A thud strikes the house while I sit on the floor with my sons. Not quite ready to walk, they roll and crawl about for their animals and trains. Bash has already made two successful trips across the room for my coffee.
I stretch myself upright, and see a smear the size of a baby boy’s leg on the window. The smear is white and red.
I peer outside, and see a large bird on the porch, a head of red feathers, grey breast, black wings. It’s blinking. Gasping.
The red head was not intended by creation.
Its chest heaves.
My sons gurgle, topple the zoo again.
Its eyes flutter, close, flutter, close.
My sons cackle at one another. I hear the ting of a train against my mug.
The porch turns red beneath its neck. Its chest rises, falls. Stays.
I’m here to write about a failure.
Everything seemed to be churning so well, like that wave of relief you get after finally vomiting all the bile. Back in May, I accepted the word “victim” in its connection to myself. After reading Zoe Zolbrod’s The Telling, I finally found words to fit what I had felt from those years ago: the pain. The anger. The confusion, lots of confusion, as Zolbrod put it: “I could not find a place for myself” (215). When you don’t really know you’re a victim, you don’t know what you need to tell. You believe what you’re told–this is what families do for each other–and there’s a part inside that hisses:
Your parents are doing God’s work. If you tell, they won’t be able to do God’s work. God won’t reach others. God is more important. His ministry is always more important.

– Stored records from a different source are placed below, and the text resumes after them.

(* Let $n\ge 3$ and $q\ge 2$ be integers, $S_1=\sqrt{q^2+4(q-1)(n-2)}$, $S_2=\sqrt{q^2+4(q-1)(n-3)}$. Let $d$ be an integer and define $j$ by $d=n-1-\frac{n-2+j}{q}$, with $j\in\left[\frac{S_1-q}{2},\frac{S_2+q}{2}-1\right)$, and put $s=1-\frac{2d}{n}$. Let $d_0=n-1-\frac{(j-q+1)(n-2)}{qj}$, let $e$ be the unique rational number in $(0,1]$ such that $b:=d_0+e$ is an integer, and define $$f(t)=(t+1)\Big(t-1+\tfrac{2b}{n}\Big)\Big(t-1+\tfrac{2(b-1)}{n}\Big)(t-s)=\sum_{i=0}^4 f_iQ_i^{(n,q)}(t).$$ Provided $f_i\ge 0$ for $i=1,2,3,4$, we have $$A_q(n,s)\le\frac{q^3b(b-1)\big(n(q-1)-j-q+2\big)}{(1-j)q^2b^2+C_1qb-C_2},$$ where $C_1=j(q-1)(2n-1)+j-q$ and $C_2=(q-1)(n-1)[(q-1)(j+1)n+2(j-q+1)]$.
   Context: $K_i^{(n,q)}(z)=\sum_{l=0}^{i}(-1)^l(q-1)^{i-l}\binom{z}{l}\binom{n-z}{i-l}$, $r_i=(q-1)^i\binom{n}{i}$, $Q_i^{(n,q)}(t)=\frac{1}{r_i}K_i^{(n,q)}\!\big(\tfrac{n(1-t)}{2}\big)$; real polynomials of degree $\le n$ have a unique expansion in the $Q_i^{(n,q)}$. $A_q(n,s)$ is the maximum cardinality of a code $C$ in the $q$-ary Hamming space of length $n$ with $1-\frac{2d(x,y)}{n}\le s$ for all distinct $x,y\in C$, $d$ the Hamming distance. *)

From HB Require Import structures.
From mathcomp Require Import all_boot all_order all_algebra.
Set Implicit Arguments. Unset Strict Implicit. Unset Printing Implicit Defensive.
Import Order.TTheory GRing.Theory Num.Theory.
Local Open Scope ring_scope.

Definition word (n q : nat) := {ffun 'I_n -> 'I_q}.

Definition hdist (n q : nat) (x y : word n q) : nat := #|[set i | x i != y i]|.

Definition is_s_code (R : numFieldType) (n q : nat) (s : R) (C : {set word n q}) : bool :=
  [forall x in C, forall y in C,
     (x != y) ==> (1 - 2 * (hdist x y)%:R / n%:R <= s)].

Definition Aq (R : numFieldType) (n q : nat) (s : R) : nat :=
  \max_(C : {set word n q} | is_s_code s C) #|C|.

Definition binpoly (R : fieldType) (p : {poly R}) (l : nat) : {poly R} :=
  (l`!%:R)^-1 *: \prod_(k < l) (p - (k%:R)%:P).

Definition kraw (R : fieldType) (n q i : nat) : {poly R} :=
  \sum_(l < i.+1) (((-1) ^+ l * (q%:R - 1) ^+ (i - l)) *:
     (binpoly 'X l * binpoly ((n%:R)%:P - 'X) (i - l))).

Definition rcoef (R : fieldType) (n q i : nat) : R := (q%:R - 1) ^+ i * ('C(n, i))%:R.

Definition Qpoly (R : fieldType) (n q i : nat) : {poly R} :=
  (rcoef R n q i)^-1 *: (kraw R n q i \Po ((n%:R / 2)%:P * (1 - 'X))).

(* Delsarte's linear programming bound for the quartic f.  For words x, y at
   distance z, K_i(z) is the i-th coefficient of prod_m (1 + kappa(x_m, y_m) X) with
   kappa(a, b) = q [a = b] - 1.  Since kappa is a positive semidefinite kernel, so is
   every coefficient of the product, whence sum_{x,y in C} f(1 - 2 d(x,y)/n) >= f_0 |C|^2
   when f_i >= 0 for i >= 1.  Since (b - z)(b - 1 - z) >= 0 for integers, f <= 0 at every
   distance z >= d, so the same double sum is at most |C| f(1), and |C| <= f(1) / f_0.
   Averaging over y, f_0 q^n = sum_y f(1 - 2 d(x,y)/n); expanding the quartic in the
   binomials C(z, k) and using sum_y C(d(x,y), k) = q^n C(n, k) ((q-1)/q)^k gives
   f_0 = 16 den / (q^4 n^3), where den is the denominator of the bound.  It is positive
   for j in the given window and b - d0 in (0, 1], and f(1) / f_0 is the bound. *)

From HB Require Import structures.
From mathcomp Require Import all_boot all_order all_algebra.
From mathcomp Require Import ring lra.
Import Order.TTheory GRing.Theory Num.Theory.
Local Open Scope ring_scope.

Set Implicit Arguments. Unset Strict Implicit. Unset Printing Implicit Defensive.
(* Let $R$ be a commutative ring with identity and $M$ a non-zero comultiplication $R$-module with $\mathrm{Min}(M)=\{S_i\}_{i\in I}$, where $|I|>1$ and the $S_i$ are pairwise distinct. If $\Lambda$ is a non-empty proper finite subset of $I$, then $\sum_{\lambda\in\Lambda}S_\lambda$ is a non-large submodule of $M$.
   Context: An $R$-module $M$ is a comultiplication module if for every submodule $N$ of $M$ there is an ideal $I$ of $R$ with $N=\mathrm{Ann}_M(I)=\{m\in M: Im=0\}$. A submodule $N$ of $M$ is large (essential) in $M$ if $N\cap L\neq 0$ for every non-zero submodule $L$ of $M$. $\mathrm{Min}(M)$ denotes the set of minimal (i.e. simple) submodules of $M$. *)

From HB Require Import structures.
From mathcomp Require Import all_boot all_order all_algebra.
Set Implicit Arguments. Unset Strict Implicit. Unset Printing Implicit Defensive.
Import GRing.Theory.
Local Open Scope ring_scope.

Section ModDefs.
Variables (R : comPzRingType) (M : lmodType R).

Definition submodule (N : M -> Prop) : Prop :=
  [/\ N 0, (forall x y, N x -> N y -> N (x + y)) &
      (forall (r : R) x, N x -> N (r *: x))].

Definition ideal (I : R -> Prop) : Prop :=
  [/\ I 0, (forall a b, I a -> I b -> I (a + b)) &
      (forall r a, I a -> I (r * a))].

Definition AnnM (I : R -> Prop) : M -> Prop :=
  fun m => forall r, I r -> r *: m = 0.

Definition same_sub (N L : M -> Prop) : Prop := forall m, N m <-> L m.

Definition comultiplication_module : Prop :=
  forall N, submodule N -> exists I, ideal I /\ same_sub N (AnnM I).

Definition nonzero_sub (N : M -> Prop) : Prop := exists x, N x /\ x <> 0.

Definition large (N : M -> Prop) : Prop :=
  submodule N /\
  forall L, submodule L -> nonzero_sub L -> exists x, [/\ N x, L x & x <> 0].

Definition minimal_sub (S : M -> Prop) : Prop :=
  [/\ submodule S, nonzero_sub S &
      forall L, submodule L -> (forall x, L x -> S x) ->
                same_sub L (fun x => x = 0) \/ same_sub L S].

Definition sum_sub (N L : M -> Prop) : M -> Prop :=
  fun m => exists x y, [/\ N x, L y & m = x + y].

Fixpoint sum_list_sub (Ss : seq (M -> Prop)) : M -> Prop :=
  match Ss with
  | [::] => fun m => m = 0
  | S0 :: Ss' => sum_sub S0 (sum_list_sub Ss')
  end.

End ModDefs.

From Stdlib Require Lists.List.
From Stdlib Require Import Classical.
From HB Require Import structures.
From mathcomp Require Import all_boot all_order all_algebra.
Set Implicit Arguments.
Unset Strict Implicit.
Unset Printing Implicit Defensive.
Import GRing.Theory.
Local Open Scope ring_scope.

(* In a comultiplication module every submodule is an annihilator, so for two
   distinct minimal submodules S_i and S_j some scalar r kills S_i but not S_j;
   by minimality r then acts injectively on S_j.  The product of such scalars
   over i in Lam kills the sum of the S_i and is injective on S_j for some j
   outside Lam, so the sum meets S_j trivially and cannot be large. *)

Section Annihilators.
Variables (R : comPzRingType) (M : lmodType R).

Definition annihilates (r : R) (N : M -> Prop) : Prop :=
  forall y, N y -> r *: y = 0.

Definition regular_on (r : R) (N : M -> Prop) : Prop :=
  forall x, N x -> x <> 0 -> r *: x <> 0.

Lemma scalerAC (a b : R) (x : M) : a *: (b *: x) = b *: (a *: x).
Proof. by rewrite !scalerA mulrC. Qed.

Lemma submodule_kernel_scale (r : R) (N : M -> Prop) :
  submodule N -> submodule (fun y => N y /\ r *: y = 0).
Proof.
case=> N0 ND NZ; split.
- by rewrite scaler0.
- by move=> x y [Nx rx] [Ny ry]; rewrite scalerDr rx ry addr0; split=> //; exact: ND.
- by move=> s x [Nx rx]; rewrite scalerAC rx scaler0; split=> //; exact: NZ.
Qed.

Lemma minimal_regular_on (r : R) (S : M -> Prop) :
  minimal_sub S -> (exists y, S y /\ r *: y <> 0) -> regular_on r S.
Proof.
case=> subS _ minS [y [Sy ry]] x Sx x0 rx.
have [ker0 | kerS] := minS _ (submodule_kernel_scale r subS) (fun z => @proj1 _ _).
  by apply: x0; apply/ker0.
by apply: ry; case/kerS: Sy.
Qed.

Lemma comultiplication_separates (N L : M -> Prop) :
  comultiplication_module M -> submodule N -> (exists y, L y /\ ~ N y) ->
  exists r, annihilates r N /\ exists y, L y /\ r *: y <> 0.
Proof.
move=> comul subN [y [Ly Ny]].
have [J [_ NJ]] := comul _ subN.
have [r Jry] : exists r, ~ (J r -> r *: y = 0).
  by apply: not_all_ex_not => yJ; apply: Ny; apply/NJ.
have [Jr ry] := imply_to_and _ _ Jry.
by exists r; split; [move=> z /NJ; apply | exists y].
Qed.

Lemma minimal_sub_not_subset (S T : M -> Prop) :
  minimal_sub S -> minimal_sub T -> ~ same_sub S T -> exists y, T y /\ ~ S y.
Proof.
case=> subS _ minS [subT [x [Tx x0]] _] ST.
apply: NNPP => noy.
have TS : forall y, T y -> S y.
  by move=> y Ty; apply: NNPP => Sy; apply: noy; exists y.
have [T0 | TeqS] := minS T subT TS.
  by apply: x0; apply/T0.
by apply: ST => z; split => /TeqS.
Qed.

Lemma annihilates_sum_sub (r s : R) (N L : M -> Prop) :
  annihilates r N -> annihilates s L -> annihilates (r * s) (sum_sub N L).
Proof.
move=> rN sL _ [x [y [Nx Ly ->]]].
by rewrite -scalerA scalerDr (sL y) // addr0 scalerAC rN // scaler0.
Qed.

Lemma regular_on_mul (r s : R) (S : M -> Prop) :
  submodule S -> regular_on r S -> regular_on s S -> regular_on (r * s) S.
Proof.
case=> _ _ SZ rS sS x Sx x0.
by rewrite -scalerA; apply: rS (sS x Sx x0); exact: SZ.
Qed.

Lemma large_not_annihilated (r : R) (N S : M -> Prop) :
  large N -> minimal_sub S -> annihilates r N -> ~ regular_on r S.
Proof.
case=> _ meet [subS nzS _] rN rS.
have [x [Nx Sx x0]] := meet S subS nzS.
exact: rS x Sx x0 (rN x Nx).
Qed.

End Annihilators.

Section MinimalSubmodules.
Variables (R : comPzRingType) (M : lmodType R) (I : Type) (S : I -> M -> Prop).
Hypotheses (comul : comultiplication_module M)
  (Smin : forall i, minimal_sub (S i))
  (Sdist : forall i j, i <> j -> ~ same_sub (S i) (S j)).

Lemma separate_minimal_sub (i j : I) :
  i <> j -> exists r : R, annihilates r (S i) /\ regular_on r (S j).
Proof.
move=> ij; have [subSi _ _] := Smin i.
have [r [rSi rSj]] := comultiplication_separates comul subSi
  (minimal_sub_not_subset (Smin i) (Smin j) (Sdist ij)).
by exists r; split=> //; exact: minimal_regular_on.
Qed.

Lemma separate_sum_list_sub (Lam : seq I) (j : I) :
  ~ List.In j Lam ->
  exists r : R, annihilates r (sum_list_sub [seq S l | l <- Lam]) /\
                regular_on r (S j).
Proof.
elim: Lam => [|i Lam IH] /= jLam.
  by exists 1; split=> [y -> | x _ x0]; rewrite ?scaler0 ?scale1r.
have [r [rSi rSj]] := separate_minimal_sub (fun ij => jLam (or_introl ij)).
have [s [sSum sSj]] := IH (fun jL => jLam (or_intror jL)).
have [subSj _ _] := Smin j.
exists (r * s); split; first exact: annihilates_sum_sub.
exact: regular_on_mul.
Qed.

End MinimalSubmodules.

Theorem lemma2p3 (R : comPzRingType) (M : lmodType R)
  (I : Type) (S : I -> M -> Prop)
  (hM0 : exists m : M, m <> 0)
  (hcomul : comultiplication_module M)
  (hSmin : forall i, minimal_sub (S i))
  (hSall : forall N, minimal_sub N -> exists i, same_sub N (S i))
  (hSdist : forall i j, i <> j -> ~ same_sub (S i) (S j))
  (hI : exists i j : I, i <> j)
  (Lam : seq I)
  (hLne : Lam <> [::])
  (hLprop : exists i, ~ Stdlib.Lists.List.In i Lam) :
  ~ large (sum_list_sub [seq S l | l <- Lam]).
Proof.
case: hLprop => j jLam large_sum.
have [r [rSum rSj]] := separate_sum_list_sub hcomul hSmin hSdist jLam.
exact: large_not_annihilated large_sum (hSmin j) rSum rSj.
Qed.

So you make yourself believe what’s going on will have to end sometime, and then it will be done, boxed up with all the other past days where it can’t slip beneath your clothes. Breathe heavier, and heavier, while all you go cold in the world and pray to Not Be.
I turned away from the bird and took care to my own. Surely enough creatures lived around here who would love fresh bird. I saw a fox the other day. Cats lived nearby. Hell, I’ll take a snake, just…Nature, take care of your own.
When something is horrible and commonplace, especially when it’s caught in the web of loyalty and blood, it’s easy to look away, make the bet it won’t happen again, assume if it’s really of great consequence, someone else will force it to stop.
-Z. Zolbrod, 218
Bo came home and took care of his own. Our duties formed by expectations and obligations: Bread Winner, Stay-at-Home Mom. Admittedly, not an easy marriage then.
“Did you see the bird?”
“There’s a dead bird on the porch.”
“It’s been there all day. I was hoping something would carry it off, but nothing’s come.”
Shrug. “I’ll handle it in the morning.”
Morning came. He left.
The bird still lay there. Odd feathers blew around in the whirlwinds caught by our porch. The beak went slack: open, shut, open, shut.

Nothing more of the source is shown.